当前位置：网站首页>[Video coding learning] - SAD and SATD

[Video coding learning] - SAD and SATD

2022-08-09 14:47:00 【Stars¹⁸⁹⁵】

Video Coding Learning - SAD and SATD

I. Definition of common errors

SAD (Sum of Absolute Difference)=SAE (Sum of Absolute Error) is the sum of absolute error

SATD (Sum of Absolute Transformed Difference) is the sum of absolute values after hadamard transformation

SSD (Sum of Squared Difference)=SSE (Sum of Squared Error) is the sum of the squares of the differences

MAD (Mean Absolute Difference)=MAE (Mean Absolute Error) is the mean absolute difference

MSD（Mean Squared Difference）=MSE（Mean Squared Error）means squared error

Second, application in video coding

Take RDO as an example, in the RDO decision of encoding mode, the cost corresponding to the mode:

J(mode)＝SSD＋λ*R(ref,mode,mv,residual)

Here, SSD refers to the mean square sum of the difference between the reconstructed block and the source image; λ is the Lagrange multiplier, so it should be regarded as the weight; R is the actual code stream encoded by the macroblock in this mode, includingBit sum over reference frames, modes, motion vectors, residuals, etc.Of course, if it is an intra-frame mode, there is only R(mode,residual).
What confuses many people is that the current macroblock has not been encoded yet, how do you know its code stream and reconstructed image?In fact, RDO is to actually encode each mode once to get J(mode), and then select the mode with the smallest J(mode) as the actual encoding mode.Just like the encoder introduces a large feedback, if the video encoder really performs RDO according to the above announcement, the encoding speed will be very slow. Of course, the encoding efficiency is the best.
Therefore, in practical application, there is the following alternative formula:

J(mode)＝SAD＋λ*R(ref,mode,mv)

J(mode)＝SATD＋λ*R(ref,mode,mv)

Here, SAD is the sum of absolute errors between the predicted block and the source image in this mode.There is no residual coding in the bit R, that is, the J (mode) value of the mode can be directly obtained after motion estimation, which greatly reduces the computational complexity.
SATD is the absolute sum of the coefficients after the Hardman transform of the residuals. In most cases, SATD has a better evaluation effect than SAD. Of course, SATD has more transformations than SAD, and the amount of calculation is larger.

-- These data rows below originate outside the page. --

(* There is an absolute constant $c>0$ such that for all $n\in\mathbb Z^+$, $k\in\{1,\dots,n\}$ and prime powers $q$, the fraction of linear $[n,k]$ codes over $\mathrm{GF}(q)$ (i.e., $k$-dimensional subspaces of $\mathrm{GF}(q)^n$) that are not $2$-MDS is at most $c\cdot 5^n/q$.
   Context: $\mathsf w(\cdot)$ is Hamming weight. A linear $[n,k]$ code is $2$-MDS if there do not exist three distinct vectors $e_0,e_1,e_2\in F^n$ in the same coset of the code with $\mathsf w(e_0)+\mathsf w(e_1)+\mathsf w(e_2)\le 2(n-k)$. *)

From HB Require Import structures.
From mathcomp Require Import all_boot all_order all_algebra all_field.
Set Implicit Arguments. Unset Strict Implicit. Unset Printing Implicit Defensive.
Import Order.TTheory GRing.Theory Num.Theory.
Local Open Scope ring_scope.

Definition hweight (F : finFieldType) (n : nat) (e : 'rV[F]_n) : nat :=
  #|[set i : 'I_n | e 0 i != 0]|.

Definition is_code (F : finFieldType) (n k : nat) (C : {set 'rV[F]_n}) : bool :=
  [exists G : 'M[F]_(k, n), (\rank G == k) && (C == [set v | (v <= G)%MS])].

Definition codes (F : finFieldType) (n k : nat) : {set {set 'rV[F]_n}} :=
  [set C | is_code k C].

Definition two_MDS (F : finFieldType) (n k : nat) (C : {set 'rV[F]_n}) : bool :=
  ~~ [exists e0 : 'rV[F]_n, exists e1 : 'rV[F]_n, exists e2 : 'rV[F]_n,
        [&& e0 != e1, e0 != e2, e1 != e2,
            (e1 - e0) \in C, (e2 - e0) \in C &
            (hweight e0 + hweight e1 + hweight e2 <= 2 * (n - k))%N]].

Definition non_two_MDS_codes (F : finFieldType) (n k : nat) : {set {set 'rV[F]_n}} :=
  [set C in codes F n k | ~~ two_MDS k C].

(* If C is not 2-MDS, witnessed by e0, e1, e2 in one coset, then a = e1 - e0
   and b = e2 - e0 are distinct nonzero codewords whose "pair weight"
   sum_i pair_weight (a_i, b_i) is at most wt e0 + wt e1 + wt e2 <= 2(n-k).
   Either b is a multiple of a, and a is a nonzero codeword of weight <= n-k,
   or the 2 x n matrix with rows a, b is row-free of pair weight <= 2(n-k);
   either way C contains q - 1 such "low-weight" matrices (the multiples).

   Summing over low-weight matrices gives
   (#non-2-MDS codes) (q - 1) <= 2 5^n (#codes), whence the theorem, c = 4. *)

From HB Require Import structures.
From mathcomp Require Import all_boot all_order all_algebra all_field.
From mathcomp Require Import zify.
Set Implicit Arguments. Unset Strict Implicit. Unset Printing Implicit Defensive.
Import Order.TTheory GRing.Theory Num.Theory.
Local Open Scope ring_scope.

Lemma card_set_in_sum (J : finType) (Y : {set J}) (P : pred J) :
  #|[set j in Y | P j]| = (\sum_(j in Y) P j)%N.
Proof.
rewrite -sum1_card big_mkcond [RHS]big_mkcond /=; apply: eq_bigr => j _.
by rewrite !inE; case: (j \in Y); case: (P j).
Qed.

Lemma sum_indicator (J : finType) (P : pred J) :
  (\sum_j (P j : nat))%N = #|[set j | P j]|.
Proof.
rewrite -sum1_card [RHS]big_mkcond; apply: eq_bigr => j _; rewrite inE.
by case: (P j).
Qed.

Lemma double_count (I J : finType) (X : {set I}) (Y : {set J}) (R : I -> J -> bool) :
  (\sum_(i in X) #|[set j in Y | R i j]| = \sum_(j in Y) #|[set i in X | R i j]|)%N.
Proof.
under eq_bigr do rewrite card_set_in_sum.
under [RHS]eq_bigr do rewrite card_set_in_sum.
exact: exchange_big.
Qed.

(* Exponential-moment bound: if each letter t costs c t <= d and
   sum_t q^(d - c t) <= kappa q^d, then at most kappa^n q^s words of length n
   have total cost at most s. *)
Lemma card_low_cost (T : finType) n (c : T -> nat) (d q kappa s : nat) :
  (0 < q)%N -> (forall t, c t <= d)%N ->
  (\sum_t q ^ (d - c t) <= kappa * q ^ d)%N -> (s <= d * n)%N ->
  (#|[set x : {ffun 'I_n -> T} | \sum_i c (x i) <= s]| <= kappa ^ n * q ^ s)%N.
Proof.
move=> q_gt0 c_le_d sum_le s_le.
set X := [set x | _].
have qpos : (0 < q ^ (d * n - s))%N by rewrite expn_gt0 q_gt0.
rewrite -(leq_pmul2r qpos) -mulnA -expnD subnKC // mulnC expnM -expnMn.
rewrite mulnC -sum_nat_const.
apply: (@leq_trans (\sum_(x : {ffun 'I_n -> T}) \prod_i q ^ (d - c (x i)))%N).
  rewrite [leqRHS](bigID (mem X)) /=; apply: leq_trans (leq_addr _ _).
  apply: leq_sum => x; rewrite inE => x_low.
  rewrite -expn_sum sumnB; last by move=> i _; exact: c_le_d.
  rewrite sum_nat_const card_ord mulnC leq_pexp2l // leq_sub2l //.
rewrite -(bigA_distr_bigA (fun (i : 'I_n) t => q ^ (d - c t))%N) /=.
rewrite prod_nat_const card_ord.
by case: n {s_le X qpos} => [|n] //; rewrite leq_exp2r // mulnC.
Qed.

Section CodesThroughAMatrix.

Variables (F : finFieldType) (n k : nat).

Definition rows_in m (A : 'M[F]_(m, n)) (C : {set 'rV[F]_n}) : bool :=
  [forall i, row i A \in C].

Definition codes_through m (A : 'M[F]_(m, n)) : nat :=
  #|[set C in codes F n k | rows_in A C]|.

Definition row_free_mx m p : {set 'M[F]_(m, p)} := [set A | row_free A].

Lemma codesP (C : {set 'rV[F]_n}) :
  is_code k C -> exists2 G : 'M[F]_(k, n), row_free G & C = [set v | (v <= G)%MS].
Proof. by move=> /existsP [G /andP [rG /eqP ->]]; exists G. Qed.

Lemma rows_in_span m (A : 'M[F]_(m, n)) k' (G : 'M[F]_(k', n)) :
  rows_in A [set v | (v <= G)%MS] = (A <= G)%MS.
Proof. by apply/forallP/row_subP => AG i; move: (AG i); rewrite inE. Qed.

Three, SAD and SATD application scenarios

SATD: When no rate-distortion optimization is used, select SATD+delta×r(mode, ref, mv) as the basis for mode selection; use SATD for intra-frame mode selection.In motion estimation, SATD is used for subpixels
SAD: In motion estimation, SAD is used for integer pixel search

Explanation
SAD is the sum of absolute errors, which only reflects the time domain difference of residuals, which affects the PSNR value and cannot effectively reflect the size of the code stream.SATD is the sum of absolute values of prediction residuals of 4×4 blocks whose residuals have undergone Hardman transform, which can be regarded as a simple time-frequency transform, and its value can reflect the size of the generated code stream to a certain extent.Therefore, when rate-distortion optimization is not used, it can be used as the basis for mode selection.
Generally, all modes need to be detected within the frame, and the reason for selecting SATD for intra-frame prediction is the same as above.
When doing motion estimation, generally speaking, the farther from the optimal matching point, the larger the matching error value SAD, which is the famous single plane assumption, and most of the existing fast motion estimation algorithms use this feature.However, the converted SATD value does not satisfy this condition, and it is easy to fall into the local optimum point if the SATD search is used in the whole pixel.In the sub-pixel, there are not many points to be searched, and the SAD difference at each point is relatively small, and the SATD can be used to select a matching position with less code streams.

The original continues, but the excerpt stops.